== ABOUT THIS EXERCISE ==
Return every line of the data that contains the string "leqnn".

== MATERIAL SUPPLIED ==

________

Lemma side_size_child p q y : t p q -> t p y -> y != q -> side_size y p < side_size p q.
Proof.
move=> tpq tpy yq; apply: proper_card; apply/properP; split.
  by apply/subsetP => n; rewrite !inE => H; case: (side_child_sub tpq tpy yq H).
exists p; rewrite !inE ?connect0 //.
have typ : t y p by rewrite t_sym.
by apply/negP => H; move: (t_bridge typ); rewrite H.
Qed.

Lemma card_setI_cutC (A : {set V}) p q : t p q -> #|A :&: cut q p| = #|A| - #|A :&: cut p q|.
Proof. by move=> tpq; rewrite cutC // -setDE -(cardsID (cut p q) A) addKn. Qed.

Lemma tree_has_edge (v w : V) : v != w -> exists p q, t p q.
Proof.
move=> vw; have : lf v != lf w by apply: contra vw => /eqP /lf_inj ->.
move: (t_conn (lf v) (lf w)) => /connectP [[|z s] /=]; first by move=> _ ->; rewrite eqxx.
by case/andP=> tz _ _ _; exists (lf v), z.
Qed.

Lemma balanced_edge (A : {set V}) k : 0 < k -> 3 * k <= #|A| ->
  exists p q, [/\ t p q, k <= #|A :&: cut p q| & k <= #|A :&: cut q p|].
Proof.
move=> k0 hA.
have [p [q tpq]] : exists p q, t p q.
  have : 1 < #|A| by apply: leq_trans hA; lia.
  by case/card_gt1P => v [w [_ _ vw]]; apply: tree_has_edge vw.
suff descend n p' q' : t p' q' -> side_size p' q' <= n -> k <= #|A :&: cut p' q'| ->
  exists p q, [/\ t p q, k <= #|A :&: cut p q| & k <= #|A :&: cut q p|].
  have [h|h] := leqP k #|A :&: cut p q|; first exact: descend _ p q tpq (leqnn _) h.
  have tqp : t q p by rewrite t_sym.
  apply: (descend _ q p tqp (leqnn _)); rewrite card_setI_cutC //; lia.
elim: n p' q' => [|n IH] {tpq}p {}q tpq hC hk.
  by move: hC; rewrite leqn0 cards_eq0 => /eqP E; move: (in_set0 p); rewrite -E inE connect0.
suff [small|//] : #|A :&: cut p q| < k.*2 \/ exists p q,
    [/\ t p q, k <= #|A :&: cut p q| & k <= #|A :&: cut q p|].
  by exists p, q; split => //; rewrite card_setI_cutC //; lia.
have [pl|pl] := boolP (p \in codom lf).
  left; apply: leq_trans (_ : 2 <= _); last lia.
  rewrite ltnS; apply/card_le1_eqP => v w; rewrite !in_setI => /andP [_ vS] /andP [_ wS].
  by rewrite (leaf_cut_eq tpq pl vS wS).
have [y1 [y2 [/andP [t1 n1] /andP [t2 n2] sub]]] := internal_cut_split tpq pl.
have [h1|h1] := leqP k #|A :&: cut y1 p|.
  right; apply: (IH y1 p) => //; first by rewrite t_sym.
  by rewrite -ltnS; apply: leq_trans hC; apply: side_size_child.
have [h2|h2] := leqP k #|A :&: cut y2 p|.
  right; apply: (IH y2 p) => //; first by rewrite t_sym.
  by rewrite -ltnS; apply: leq_trans hC; apply: side_size_child.
left; have : A :&: cut p q \subset (A :&: cut y1 p) :|: (A :&: cut y2 p).
  by rewrite -setIUr setIS.
move/subset_leq_card/leq_trans/(_ (leq_card_setU _ _)); lia.
Qed.

(** * Wide cuts *)

Section WideCut.
Variables (U : finType) (e : rel V) (Pv : {set U}) (W : U -> {set V}) (k : nat).
Hypotheses (e_sym : symmetric e) (k_gt0 : 0 < k)
  (W_disj : forall u w, u \in Pv -> w \in Pv -> u != w -> [disjoint W u & W w])
  (W_neq0 : forall u, u \in Pv -> W u != set0).

Definition meets (X : {set V}) u := W u :&: X != set0.

Definition meets2 (X : {set V}) :=
  [exists u in Pv, exists w in Pv, [&& u != w, meets X u & meets X w]].

Definition complete (A B : {set V}) := forall x y, x \in A -> y \in B -> e x y.

Definition cross_biclique (X : {set V}) := exists S1 S2 : {set V},
  [/\ S1 \subset X, S2 \subset ~: X, k <= #|S1|, k <= #|S2| & complete S1 S2].

Definition wide_cut (X : {set V}) := [/\ meets2 X, meets2 (~: X) & cross_biclique X].

Lemma meetsP (X : {set V}) u : reflect (exists2 x, x \in W u & x \in X) (meets X u).
Proof.
apply: (iffP (set0Pn _)) => [[x]|[x h1 h2]]; first by rewrite inE => /andP []; exists x.
by exists x; rewrite inE h1 h2.
Qed.

Lemma meets2P (X : {set V}) : reflect
  (exists u w, [/\ u \in Pv, w \in Pv, u != w, meets X u & meets X w]) (meets2 X).
Proof.
apply: (iffP existsP) => [[u /andP [uP /existsP [w /andP [wP /and3P [? ? ?]]]]]|].
  by exists u, w.
by case=> u [w [uP wP ? ? ?]]; exists u; rewrite uP; apply/existsP; exists w; apply/and4P.
Qed.

Lemma meets_card (X : {set V}) u : 0 < #|W u :&: X| -> meets X u.
Proof. by rewrite card_gt0. Qed.

Lemma meets_or (X : {set V}) u : u \in Pv -> meets X u || meets (~: X) u.
Proof.
move=> uP; have /set0Pn [x xW] := W_neq0 uP.
by case: (boolP (x \in X)) => xX; apply/orP; [left|right]; apply/meetsP; exists x; rewrite ?inE.
Qed.

Lemma meets_subset (X Y : {set V}) u : X \subset Y -> meets X u -> meets Y u.
Proof. by move=> /subsetP XY /meetsP [x h1 /XY h2]; apply/meetsP; exists x. Qed.

Lemma meets_of_subset (X : {set V}) u : u \in Pv -> W u \subset X -> meets X u.
Proof.
by move=> uP /subsetP WX; have /set0Pn [x xW] := W_neq0 uP; apply/meetsP; exists x => //; apply: WX.
Qed.

Lemma subset_of_not_meets (X : {set V}) u : ~~ meets X u -> W u \subset ~: X.
Proof.
by move=> h; apply/subsetP => x xW; rewrite inE; apply: contra h => xX; apply/meetsP; exists x.
Qed.

Lemma not_meets2_eq (X : {set V}) u w : ~~ meets2 X -> u \in Pv -> w \in Pv ->
  meets X u -> meets X w -> w = u.
Proof.
move=> /meets2P H uP wP tu tw; apply/eqP; apply/negPn/negP => wu; apply: H.
by exists w, u.
Qed.

Lemma completeC A B : complete A B -> complete B A.
Proof. by move=> h x y xB yA; rewrite e_sym; apply: h. Qed.

Lemma cross_biclique_of_complete (A B X : {set V}) : complete A B ->
  k <= #|A :&: X| -> k <= #|B :&: ~: X| -> cross_biclique X.
Proof.
move=> cAB hA hB; exists (A :&: X), (B :&: ~: X); split; rewrite ?subsetIr //.
by move=> x y /setIP [xA _] /setIP [yB _]; apply: cAB.
Qed.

________

== OUTPUT BELOW ==
  have [h|h] := leqP k #|A :&: cut p q|; first exact: descend _ p q tpq (leqnn _) h.
  apply: (descend _ q p tqp (leqnn _)); rewrite card_setI_cutC //; lia.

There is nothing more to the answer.